Pimlico owner Magna's stock delisted

LIZ FARMER
Daily Record Business Writer
March 4, 2009 7:32 PM

On the day before many believe it will declare bankruptcy, the Canadian-based company that owns Laurel and Pimlico racetracks has notified the federal government its stock will be delisted from the Toronto Stock Exchange.

Magna owns racetracks in Maryland including Pimilico.Magna Entertainment Corp.’s stock, which opened at 30 cents a share on Wednesday, will be delisted on April 1. Following the news, shares fell more than 31 percent for the day, closing at 20 cents. Two years ago, the stock was worth $76 a share.

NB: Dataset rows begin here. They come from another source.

(* Let $r\in(1,2)$ and let $c_r$ be a constant such that $|e^{-x}-1+x|\le c_r|x|^r$ for all $x>0$. Let $Z$ be a nonnegative real random variable with $\mathbb{E}[Z^r]<+\infty$, and let $k_Z(\xi)=\log\mathbb{E}[e^{-\xi Z}]$. Then for $0\le\xi\le(2\mathbb{E}[Z])^{-1}$, $$|k_Z(\xi)+\xi\mathbb{E}[Z]|\le c_r\xi^r\mathbb{E}[Z^r]+\xi^2(\mathbb{E}[Z])^2.$$ Moreover $$\sup_{\xi>0}\frac{|k_Z(\xi)|^r}{|\xi|^r}=\mathbb{E}[Z]^r.$$ *)

From HB Require Import structures.
From mathcomp Require Import all_boot all_order all_algebra.
From mathcomp Require Import all_classical all_reals all_analysis.
Set Implicit Arguments. Unset Strict Implicit. Unset Printing Implicit Defensive.
Import Order.TTheory GRing.Theory Num.Theory.
Local Open Scope ring_scope.

(* Log-Laplace transform k_Z(xi) = log E[exp(-xi Z)] of a random variable Z
   on the probability space P (the expectation is finite for Z >= 0, xi >= 0). *)
Definition kZ d (T : measurableType d) (R : realType) (P : probability T R)
  (Z : T -> R) (xi : R) : R :=
  ln (fine ('E_P[fun w => expR (- (xi * Z w))])%E).

From HB Require Import structures.
From mathcomp Require Import all_boot all_order all_algebra.
From mathcomp Require Import all_classical all_reals all_analysis.
From mathcomp Require Import ring lra measurable_realfun.
Set Implicit Arguments. Unset Strict Implicit. Unset Printing Implicit Defensive.
Import Order.TTheory GRing.Theory Num.Theory.
Local Open Scope ring_scope.
Local Open Scope classical_set_scope.

(* Write m = E[Z] and L(xi) = E[exp(-xi Z)], so that kZ xi = ln L(xi).  Jensen's
   inequality (the tangent line of exp at -xi m) gives exp(-xi m) <= L(xi) <= 1, and
   integrating exp(-x) <= 1 - x + c x^r at x = xi Z gives L(xi) <= 1 - xi m + c xi^r E[Z^r].
   Taking logarithms, -xi m <= kZ xi <= min(0, -xi m + c xi^r E[Z^r]): this is the first
   claim, even without the term xi^2 m^2 and the restrictions 2 xi m <= 1 and r < 2.
   Consequently |kZ xi| / xi <= m, with equality in the limit xi -> 0 since r > 1,
   which identifies the supremum. *)

Section nonnegative_expectation.
Context {d} {T : measurableType d} {R : realType} (P : probability T R).
Implicit Types f g : T -> R.

Lemma ge0_expectationD f g :
  measurable_fun setT f -> measurable_fun setT g ->
  (forall w, 0 <= f w) -> (forall w, 0 <= g w) ->
  ('E_P[fun w => (f w + g w)%R] = 'E_P[f] + 'E_P[g])%E.
Proof.
move=> mf mg f0 g0; rewrite unlock.
under eq_integral do rewrite EFinD.
rewrite ge0_integralD//.
all: first [exact/measurable_EFinP | by move=> x _; rewrite lee_fin].
Qed.

Lemma ge0_expectationZl f (k : R) :
  measurable_fun setT f -> (forall w, 0 <= f w) -> 0 <= k ->
  ('E_P[fun w => (k * f w)%R] = k%:E * 'E_P[f])%E.
Proof.
move=> mf f0 k0; rewrite unlock.
under eq_integral do rewrite EFinM.
by rewrite ge0_integralZl//; [exact/measurable_EFinP | move=> x _; rewrite lee_fin].
Qed.

Lemma ge0_expectation_le f g :
  measurable_fun setT f -> measurable_fun setT g ->
  (forall w, 0 <= f w) -> (forall w, f w <= g w) -> ('E_P[f] <= 'E_P[g])%E.
Proof.
move=> mf mg f0 fg; apply: expectation_le => // [w|]; last exact: aeW.
exact: le_trans (fg w).
Qed.

Lemma expectation_fin_num_powR (r : R) (Z : T -> R) :
  1 <= r -> measurable_fun setT Z -> (forall w, 0 <= Z w) ->
  ('E_P[fun w => (Z w `^ r)%R] < +oo)%E -> ('E_P[Z] \is a fin_num)%E.
Proof.
move=> r1 mZ Z0 EZr.
have mZr : measurable_fun setT (fun w => Z w `^ r).
  exact: measurableT_comp (measurable_powR r) mZ.
have Z_le w : Z w <= 1 + Z w `^ r.
  have [Z1|Z1] := leP (Z w) 1; first by rewrite (le_trans Z1)// lerDl powR_ge0.
  by rewrite ler_wpDl// -{1}[Z w]powRr1// ler_powR// ltW.
rewrite ge0_fin_numE ?expectation_ge0//.
have mD : measurable_fun setT (cst 1 \+ fun w => Z w `^ r) by exact: measurable_funD.
apply: le_lt_trans (ge0_expectation_le mZ mD Z0 Z_le) _.
rewrite ge0_expectationD//; last by move=> w; exact: powR_ge0.
by rewrite expectation_cst lte_add_pinfty ?ltry.
Qed.

End nonnegative_expectation.

Lemma expR_taylor_const_ge0 (R : realType) (r c : R) :
  (forall x : R, 0 < x -> `|expR (- x) - 1 + x| <= c * `|x| `^ r) -> 0 <= c.
Proof.
by move=> /(_ 1 ltr01); rewrite normr1 powR1 mulr1; exact: le_trans.
Qed.

Section log_laplace_transform.
Context d (T : measurableType d) (R : realType) (P : probability T R).
Variables (Z : T -> R) (xi : R).
Hypotheses (mZ : measurable_fun setT Z) (Z0 : forall w, 0 <= Z w) (xi0 : 0 <= xi).

Local Notation mean := (fine 'E_P[Z]%E).
Local Notation laplace := ('E_P[fun w => expR (- (xi * Z w))])%E.

Let mexp : measurable_fun setT (fun w => expR (- (xi * Z w))).
Proof. exact/measurableT_comp/measurable_funN/measurable_funM. Qed.

Let exp_ge0 w : 0 <= expR (- (xi * Z w)).
Proof. exact/ltW/expR_gt0. Qed.

Lemma laplace_le1 : (laplace <= 1)%E.
Proof.
rewrite -(expectation_cst P 1); apply: ge0_expectation_le => // w.
by rewrite expR_le1 oppr_le0 mulr_ge0.
Qed.

Lemma laplace_fin_num : (laplace \is a fin_num)%E.
Proof.
by rewrite ge0_fin_numE ?expectation_ge0// (le_lt_trans laplace_le1) ?ltry.
Qed.

Lemma expR_mean_le_laplace : ('E_P[Z] \is a fin_num)%E ->
  expR (- (xi * mean)) <= fine laplace.
Proof.
move=> EZ; set a := expR (- (xi * mean)).
have a0 : 0 < a by exact: expR_gt0.
have mean0 : 0 <= mean by exact/fine_ge0/expectation_ge0.
have tangent w : a * (1 + xi * mean) <= expR (- (xi * Z w)) + a * xi * Z w.
  have e_eq : a * expR (- (xi * Z w) + xi * mean) = expR (- (xi * Z w)).
    by rewrite /a -expRD; congr expR; ring.
  have := ler_wpM2l (ltW a0) (expR_ge1Dx (- (xi * Z w) + xi * mean)).
  by rewrite e_eq; nra.
have mrhs : measurable_fun setT (fun w => expR (- (xi * Z w)) + a * xi * Z w).
  by apply: measurable_funD => //; exact: measurable_funM.
have lhs0 (w : T) : 0 <= a * (1 + xi * mean) by rewrite mulr_ge0 ?addr_ge0 ?mulr_ge0// ltW.
have := ge0_expectation_le P (measurable_cst _) mrhs lhs0 tangent.
rewrite expectation_cst ge0_expectationD ?ge0_expectationZl//; last 3 first.
- by rewrite mulr_ge0// ltW.
- exact: measurable_funM.
- by move=> w; rewrite !mulr_ge0// ltW.
rewrite -(fineK EZ) -(fineK laplace_fin_num) -EFinM -EFinD lee_fin.
by clear lhs0 tangent; lra.
Qed.

Lemma laplace_le_taylor (r c : R) :
  (forall x : R, 0 < x -> `|expR (- x) - 1 + x| <= c * `|x| `^ r) ->
  ('E_P[Z] \is a fin_num)%E -> ('E_P[fun w => (Z w `^ r)%R] < +oo)%E ->
  fine laplace <= 1 - xi * mean + c * xi `^ r * fine 'E_P[fun w => (Z w `^ r)%R]%E.
Proof.
move=> taylor EZ EZr; have c0 := expR_taylor_const_ge0 taylor.
have mZr : measurable_fun setT (fun w => Z w `^ r).
  exact: measurableT_comp (measurable_powR r) mZ.
have Zr0 w : 0 <= Z w `^ r by exact: powR_ge0.
have EZr_fin : ('E_P[fun w => (Z w `^ r)%R] \is a fin_num)%E.
  by rewrite ge0_fin_numE ?expectation_ge0.
have pointwise w : expR (- (xi * Z w)) + xi * Z w <= 1 + c * xi `^ r * Z w `^ r.
  have [xZ0|xZ0] := ltP 0 (xi * Z w); last first.
    have -> : xi * Z w = 0 by apply: le_anti; rewrite xZ0 mulr_ge0.
    by rewrite oppr0 expR0 addr0 lerDl !mulr_ge0 ?powR_ge0.
  have := taylor _ xZ0; rewrite (ger0_norm (ltW xZ0)) powRM// mulrA => bound.
  have := ler_norm (expR (- (xi * Z w)) - 1 + xi * Z w); lra.
have mlhs : measurable_fun setT (fun w => expR (- (xi * Z w)) + xi * Z w).
  by apply: measurable_funD => //; exact: measurable_funM.
have lhs0 (w : T) : 0 <= expR (- (xi * Z w)) + xi * Z w by rewrite addr_ge0 ?mulr_ge0.
have mrhs : measurable_fun setT (fun w => 1 + c * xi `^ r * Z w `^ r).
  by apply: measurable_funD => //; exact: measurable_funM.
have := ge0_expectation_le P mlhs mrhs lhs0 pointwise.
rewrite !ge0_expectationD ?ge0_expectationZl ?expectation_cst ?mulr_ge0 ?powR_ge0//.
- rewrite -(fineK EZ) -(fineK laplace_fin_num) -(fineK EZr_fin).
  by rewrite -!EFinM -!EFinD lee_fin; clear pointwise lhs0; lra.
- exact: measurable_funM.
- by move=> w; rewrite !mulr_ge0 ?powR_ge0.
- exact: measurable_funM.
- by move=> w; rewrite mulr_ge0.
Qed.

Lemma kZ_le0 : kZ P Z xi <= 0.
Proof. by apply: ln_le0; rewrite -lee_fin fineK ?laplace_fin_num ?laplace_le1. Qed.

Section finite_mean.
Hypothesis EZ : ('E_P[Z] \is a fin_num)%E.

Let laplace_gt0 : 0 < fine laplace.
Proof. exact: lt_le_trans (expR_gt0 _) (expR_mean_le_laplace EZ). Qed.

Lemma kZ_ge_mean : - (xi * mean) <= kZ P Z xi.
Proof.
by rewrite /kZ -[leLHS]expRK ler_ln ?posrE ?expR_gt0 ?expR_mean_le_laplace.
Qed.

Lemma kZ_le_taylor (r c : R) :
  (forall x : R, 0 < x -> `|expR (- x) - 1 + x| <= c * `|x| `^ r) ->
  ('E_P[fun w => (Z w `^ r)%R] < +oo)%E ->
  kZ P Z xi <= - (xi * mean) + c * xi `^ r * fine 'E_P[fun w => (Z w `^ r)%R]%E.
Proof.
move=> taylor EZr; have := laplace_le_taylor taylor EZ EZr.
have : -1 < fine laplace - 1 by rewrite ltrBrDr addNr.
move=> /le_ln1Dx; rewrite addrC subrK /kZ; lra.
Qed.

End finite_mean.

End log_laplace_transform.

Section powR_ratio_sup.
Context {R : realType}.
Variables (k : R -> R) (r m C : R).
Hypotheses (r1 : 1 < r) (m0 : 0 <= m).
Hypotheses (k_ge : forall x, 0 < x -> - (x * m) <= k x) (k_le0 : forall x, 0 < x -> k x <= 0).
Hypothesis k_le : forall x, 0 < x -> k x <= - (x * m) + C * x `^ r.

Let r0 : 0 < r. Proof. exact: lt_trans r1. Qed.

Lemma norm_k_le x : 0 < x -> `|k x| <= x * m.
Proof. by move=> x0; rewrite ler0_norm ?k_le0// lerNl k_ge. Qed.

Lemma exists_norm_k_gt q : 0 <= q < m -> exists2 x, 0 < x & x * q < `|k x|.
Proof.
move=> /andP[q0 qm]; set e := m - q; have e0 : 0 < e by rewrite subr_gt0.
have C1 : 0 < `|C| + 1 by have := normr_ge0 C; lra.
set t := e / (`|C| + 1); have t0 : 0 < t by rewrite divr_gt0.
have Ct : C * t < e.
  apply: le_lt_trans (ler_wpM2r (ltW t0) (ler_norm C)) _.
  by rewrite /t mulrA ltr_pdivrMr// mulrC ltr_pM2l// ltrDl.
(* choose x with x^(r-1) = t, so that C x^r = C t x < e x *)
set x := t `^ (r - 1)^-1; have x0 : 0 < x by exact: powR_gt0.
have r10 : 0 < r - 1 by rewrite subr_gt0.
have xt : x `^ (r - 1) = t by rewrite -powRrM mulVf ?gt_eqF// powRr1// ltW.
have xr : x `^ r = x * t by rewrite -xt mulr_powRB1// ltW.
have xCt : x * (C * t) < x * e by rewrite ltr_pM2l.
exists x => //; have := k_le x0; rewrite ler0_norm ?k_le0// xr.
rewrite /e in xCt; nra.
Qed.

Lemma ereal_sup_powR_ratio :
  ereal_sup [set ((`|k x| `^ r) / (`|x| `^ r))%:E | x in `]0, +oo[] = (m `^ r)%:E.
Proof.
have ratio_le x : 0 < x -> `|k x| `^ r / `|x| `^ r <= m `^ r.
  move=> x0; rewrite (gtr0_norm x0) ler_pdivrMr ?powR_gt0// -powRM// ?(ltW x0)//.
  rewrite mulrC; apply: ge0_ler_powR (norm_k_le x0); rewrite ?nnegrE ?mulr_ge0 ?(ltW x0)//.
  exact: ltW.
set S := ereal_sup _; apply: le_anti; apply/andP; split.
  apply: ge_ereal_sup => _ [x + <-]; rewrite /= in_itv/= andbT => x0.
  by rewrite lee_fin ratio_le.
have S0 : (0 <= S)%E.
  apply: le_ereal_sup_tmp; exists (`|k 1| `^ r / `|1| `^ r)%:E.
    by exists 1 => //=; rewrite in_itv/= ltr01.
  by rewrite lee_fin divr_ge0 ?powR_ge0.
rewrite leNgt; apply/negP => Slt.
have Sfin : S \is a fin_num by rewrite ge0_fin_numE// (lt_le_trans Slt) ?leey.
set s := fine S; have s0 : 0 <= s by exact: fine_ge0.
set q := s `^ r^-1; have q0 : 0 <= q by exact: powR_ge0.
have qr : q `^ r = s by rewrite -powRrM mulVf ?gt_eqF// powRr1.
have qm : q < m.
  rewrite ltNge; apply/negP => /(ge0_ler_powR (ltW r0)).
  by rewrite qr !nnegrE => /(_ m0 q0); rewrite leNgt -lte_fin fineK ?Slt.
have [x x0 kx] := exists_norm_k_gt (q := q) (introT andP (conj q0 qm)).
have : s < `|k x| `^ r / `|x| `^ r.
  rewrite (gtr0_norm x0) ltr_pdivlMr ?powR_gt0// -qr -powRM ?(ltW x0)// mulrC.
  by apply: (gt0_ltr_powR r0) kx; rewrite nnegrE ?mulr_ge0 ?(ltW x0).
apply/negP; rewrite -leNgt -lee_fin fineK//.
by apply: ereal_sup_ubound; exists x => //=; rewrite in_itv/= x0.
Qed.

End powR_ratio_sup.

Theorem lemmaA3 (d : measure_display) (T : measurableType d) (R : realType)
  (P : probability T R) (r c : R) (Z : T -> R) :
  1 < r < 2 ->
  (forall x : R, 0 < x -> `|expR (- x) - 1 + x| <= c * `|x| `^ r) ->
  measurable_fun setT Z ->
  (forall w, 0 <= Z w) ->
  ('E_P[fun w => (Z w `^ r)%R] < +oo)%E ->
  (forall xi : R, 0 <= xi -> 2 * fine 'E_P[Z] * xi <= 1 ->
     `|kZ P Z xi + xi * fine 'E_P[Z]|
       <= c * xi `^ r * fine 'E_P[fun w => (Z w `^ r)%R]
          + xi ^+ 2 * (fine 'E_P[Z]) ^+ 2)
  /\
  ereal_sup [set ((`|kZ P Z xi| `^ r) / (`|xi| `^ r))%:E | xi in `]0, +oo[]
    = ((fine 'E_P[Z]) `^ r)%:E.
Proof.
move=> /andP[r1 _] taylor mZ Z0 EZr.
have EZ := expectation_fin_num_powR (ltW r1) mZ Z0 EZr.
have mean0 : 0 <= fine 'E_P[Z]%E by exact/fine_ge0/expectation_ge0.
split=> [xi xi0 _|].
  have := kZ_ge_mean mZ Z0 xi0 EZ; have := kZ_le_taylor mZ Z0 xi0 EZ taylor EZr.
  have : 0 <= xi ^+ 2 * fine 'E_P[Z]%E ^+ 2 by rewrite mulr_ge0 ?exprn_ge0.
  set M := fine 'E_P[fun w => _]%E => sq_ge0 k_le k_ge.
  by rewrite ger0_norm; lra.
apply: (ereal_sup_powR_ratio (C := c * fine 'E_P[fun w => (Z w `^ r)%R]%E) r1 mean0).
- by move=> xi /ltW xi0; exact: kZ_ge_mean.
- by move=> xi /ltW xi0; exact: kZ_le0.
- by move=> xi /ltW xi0; rewrite mulrAC; exact: kZ_le_taylor.
Qed.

Magna received the delisting notice from the Toronto Stock Exchange Tuesday, two days before its payment on a $40 million loan to a Canadian bank is due — the first of three loans totaling $226 million due this month for the financially distressed company. After watching Magna accumulate more than $600 million in losses over the last six years, racing industry analysts and officials have said they expect the company to declare bankruptcy as early as Thursday.

“It’s a huge deal [for the racing industry],” said Tim Rice, who follows the horse racing industry at Rice Voelker LLC in Louisiana. “If you talk to people that owe their livelihoods to racing horses at tracks, there’s a lot of fear out there about where all this is going to end up.”

In addition to Laurel and Pimlico, Magna’s U.S. operations include Santa Anita Park and Golden Gate Fields in California and Gulfstream Park Racing and Casino and the training facility Palm Meadows in Florida. The California Horse Racing Board called an emergency meeting for Friday after new broke of the company’s upcoming delisting. The loan due Thursday is guaranteed by unspecified assets of Magna’s two California tracks.

If the company declared bankruptcy this month, its tracks would stay open but Magna Chairman Frank Stronach’s control would be limited as the company undergoes reorganization procedures.

“If it can’t come up with some kind of alternative financing, the tracks will keep operating for some time, but the quarterbacking will revert to the debt holders and not to Stronach unless he’s able to work out some kind of deal,” said Rice.

That means that while Pimlico’s Preakness Stakes, the largest race in Maryland and the second leg of racing’s Triple Crown, would go on this year, next year is “an open question,” according to Rice.

“The race will absolutely happen next year, but where it will be and
who will run it are unknowns right now,” he said.